[SOLVED] Can't logon to DC - Server 2016 Standard

[seedubya]

New customer, first onsite visit today.

They are tiny - 3 PCs and a server running 2016 Standard and serving AD\DHCP\DNS, their accounting software and a single fileshare. This morning they found they were unable to access the fileshares or run their accounting software. Trying to log onto the server via RDP or locally gives the error "there are currently no logon servers available to service the logon request". Current tech support has been AWOL for weeks and the ONLY thing I have is the Domain Administrator credentials - no DSRM, backups are not running etc. etc. Couldn't be much worse really.

Also, how the hell do you start DSRM on a Proliant 150 running Server 2016 Standard when you can't login to access msconfig?
EDIT: Ok, figured this out and got in

All ideas welcome...

 

[Sky-Knight]

Seems like you sorted this out? But just in case... You need to login on the DC itself, and fix its DNS and DHCP to properly support the domain and reboot all the end points.

There are BUCKETS of AD installs out there that were done flat wrong, so this sort of thing is really common.

 

[seedubya]

Yeah, I got logged in but figuring out what the hell is going on and why AD is not loading hasn't happened yet. I'll try to figure it out over the weekend. If you have any pointers on how to get AD running on a DC with no state backups, I'd be grateful!

 

[YeOldeStonecat]

Hard to say from far away, without looking at many things and gathering intel.

We can assume AD was installed...as, workstations appear to be logging into a domain, right? Not local logins at the workstations? Username is DOMAINNAME\USERNAME?

Event viewer....pour through there.

Check TCP/IP properties v4, make sure that Primary DNS is either 127.0.0.1....or...the actual IP of the server. Not the ISPs DNS, not the routers LAN IP, not some other public DNS. Just...the IP of the server itself (or the loopback address of 127.0.0.1 which is just a way of holding a mirror up to the server and telling it to use its own LAN IP).

If that's correct, I'd see what a reboot brings.
I bet it just had a big uptime, and...it's a low spec server, probably SATA disks (it's a 100 series server which means glorified desktop computer)....not well configured, so...services start to halt.

 

[SAFCasper]

Windows may have decided the domain controller is located in a café and set your firewall profile to public. I hate that this is a real thing. Bump the "network location awareness" service if this is the case. Should kick it back over to a domain profile.

Also check what the workstations are picking up for DNS servers. If it's anything but the DC there is your issue. Might find someone with "enough knowledge to be dangerous" swapped them over to 8.8.8.8 thinking it would make the internet work better. Or they threw in a router/ap with DHCP enabled sending out the wrong DNS settings. Both examples have happened to us before... on multiple occasions

 

[HCHTech]

Windows may have decided the domain controller is located in a café and set your firewall profile to public.

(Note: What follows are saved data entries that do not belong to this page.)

Section YaoYaoCells.
Variables (R : realType) (n : nat) (L : 'I_n -> 'rV[R]_n -> R).
Local Notation V := 'rV[R]_n.
Local Notation Borel := (Borel_space R n).
Hypothesis HL : coord_system L.

(* [coord k] is [L k] for [k < n] and junk [0] beyond. *)
Definition coord (k : nat) : V -> R := oapp L (fun=> 0) (insub k).

Lemma coordE (i : 'I_n) : coord i = L i.
Proof. by rewrite /coord valK. Qed.

Lemma coord_affine k : affine_form (coord k).
Proof.
rewrite /coord; case: insubP => [i _ _|_] /=; first by case: HL.
by move=> a b t; ring.
Qed.

(* Walking down the cell of sign pattern [q] of a partition of the flat
   [F_k] through [x], [cone_proj] removes the components of [z] along the
   directions met so far; [cell_coord ... m z] is the coordinate of [z]
   along the [m]-th direction. *)
Fixpoint cone_proj (x : V) (d : seq bool -> V) (k : nat) (q : nat -> bool)
    (m : nat) (z : V) : V :=
  if m is m'.+1 then
    let w := cone_proj x d k q m' z in
    w - (coord (k + m') w - coord (k + m') x) *: d (prefix q m')
  else z.

Definition cell_coord x d k q m z :=
  coord (k + m) (cone_proj x d k q m z) - coord (k + m) x.

Definition flat (x : V) k (z : V) := forall i : 'I_n, (i < k)%N -> L i z = L i x.

Definition cell x d k q := [set z | flat x k z /\
  forall m, (m < n - k)%N -> signed (q m) (cell_coord x d k q m z)].

(* The direction at node [p] of the binary tree of a Yao-Yao partition of
   [F_k], rescaled so that its coordinate of index [k + size p] is [1]. *)
Definition adapted_dirs (d : seq bool -> V) k := forall p, (size p + k < n)%N ->
  lin_part (coord (k + size p)) (d p) = 1 /\
  forall i, (i < k + size p)%N -> lin_part (coord i) (d p) = 0.

Definition half_cone b (A : set V) (v : V) :=
  [set z | exists a t, A a /\ signed b t /\ z = a + t *: v].

Lemma cone_projS x d k q m z : cone_proj x d k q m.+1 z =
  let w := cone_proj x d k q m z in
  w - (coord (k + m) w - coord (k + m) x) *: d (prefix q m).
Proof. by []. Qed.

Lemma cone_proj_shift x d k q m z : cone_proj x d k q m.+1 z =
  cone_proj x (fun p => d (q 0%N :: p)) k.+1 (fun t => q t.+1) m
    (z - (coord k z - coord k x) *: d [::]).
Proof.
elim: m => [|m IH]; first by rewrite /= addn0.
rewrite cone_projS IH [RHS]cone_projS /= addSnnS.
by rewrite -(prefix_cons (q 0%N)); congr (_ - _ *: d _); apply: prefix_eq; case.
Qed.

Lemma cell_coord_shift x d k q m z : cell_coord x d k q m.+1 z =
  cell_coord x (fun p => d (q 0%N :: p)) k.+1 (fun t => q t.+1) m
    (z - (coord k z - coord k x) *: d [::]).
Proof. by rewrite /cell_coord cone_proj_shift addSnnS. Qed.

Lemma cell_coord_0 x d k q z : cell_coord x d k q 0 z = coord k z - coord k x.
Proof. by rewrite /cell_coord addn0. Qed.

Lemma cell_step x d k q : (k < n)%N -> adapted_dirs d k ->
  cell x d k q =
  half_cone (q 0%N) (cell x (fun p => d (q 0%N :: p)) k.+1 (fun t => q t.+1)) (d [::]).
Proof.
move=> kn d_adapted; have [d1 d0] := d_adapted [::] kn.
rewrite addn0 in d1; rewrite /= addn0 in d0.
have L_affine i : affine_form (L i) by case: HL.
have nkS m : (m.+1 < n - k)%N = (m < n - k.+1)%N.
  by rewrite subnS; case: (n - k)%N.
apply/seteqP; split => z.
- move=> [Fz Hs]; set t := coord k z - coord k x.
  exists (z - t *: d [::]), t; split; last split; last by rewrite subrK.
  + split.
    * move=> i; rewrite ltnS leq_eqVlt => /orP[/eqP ik|ik];
        rewrite -scaleNr affine_addZ // -coordE.
      - by rewrite ik d1 /t; ring.
      - by rewrite d0 // coordE Fz //; ring.
    * by move=> m hm; rewrite -cell_coord_shift; apply: Hs; rewrite nkS.
  + by rewrite /t -(cell_coord_0 x d k q z); apply: Hs; rewrite subn_gt0.
- move=> [a [t [[Fa Ha] [st ->]]]].
  have kS : coord k (a + t *: d [::]) - coord k x = t.
    rewrite (affine_addZ (coord_affine k)) d1.
    by rewrite (coordE (Ordinal kn)) Fa //; ring.
  split.
  + move=> i ik; rewrite affine_addZ // -coordE d0 // coordE Fa ?(ltn_trans ik) //.
    by ring.
  + case=> [|m] hm; first by rewrite cell_coord_0 kS.
    by rewrite cell_coord_shift kS addrK; apply: Ha; rewrite -nkS.
Qed.

Lemma half_coneZ b A v c : c != 0 ->
  half_cone b A (c^-1 *: v) = half_cone (b == (0 < c)) A v.
Proof.
move=> c0; have cc : c * c^-1 = 1 by rewrite mulfV.
have [c_gt0|c_lt0] : 0 < c \/ c < 0.
  by case: ltrgtP c0 => // h _; [left|right].
all: apply/seteqP; split => z [a [t [Aa [st ->]]]].
all: first [exists a, (t * c^-1); split => //; split; last by rewrite scalerA
          | exists a, (t * c); split => //; split;
              last by rewrite scalerA -mulrA mulfV ?mulr1].
all: move: st; rewrite /signed; case: b;
  rewrite ?c_gt0 ?(lt_gtF c_lt0) /=; nra.
Qed.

I saw this last month! It was truly a "WTF, Microsoft!" moment.

 

[seedubya]

So I fixed this once I paid attention to what was actually happening. The server was continuously booting into Safe\DSR Mode because, somehow, the /safeboot switch was stuck in the "on" position and changing it in MSCONFIG made no difference. One command bcdedit /deletevalue safeboot and we're back in business. This issue may be related to Veeam backups failing - Veeam, when backing up a DC, temporarily sets this value and, if the backup fails (which they are on this server) then apparently the switch doesn't get removed.

Might help someone else some other time.

 

[SAFCasper]

Good to know. We use Veeam and I've never seen this behaviour before although I've never went looking for it either. Guess you would never notice until it causes an issue.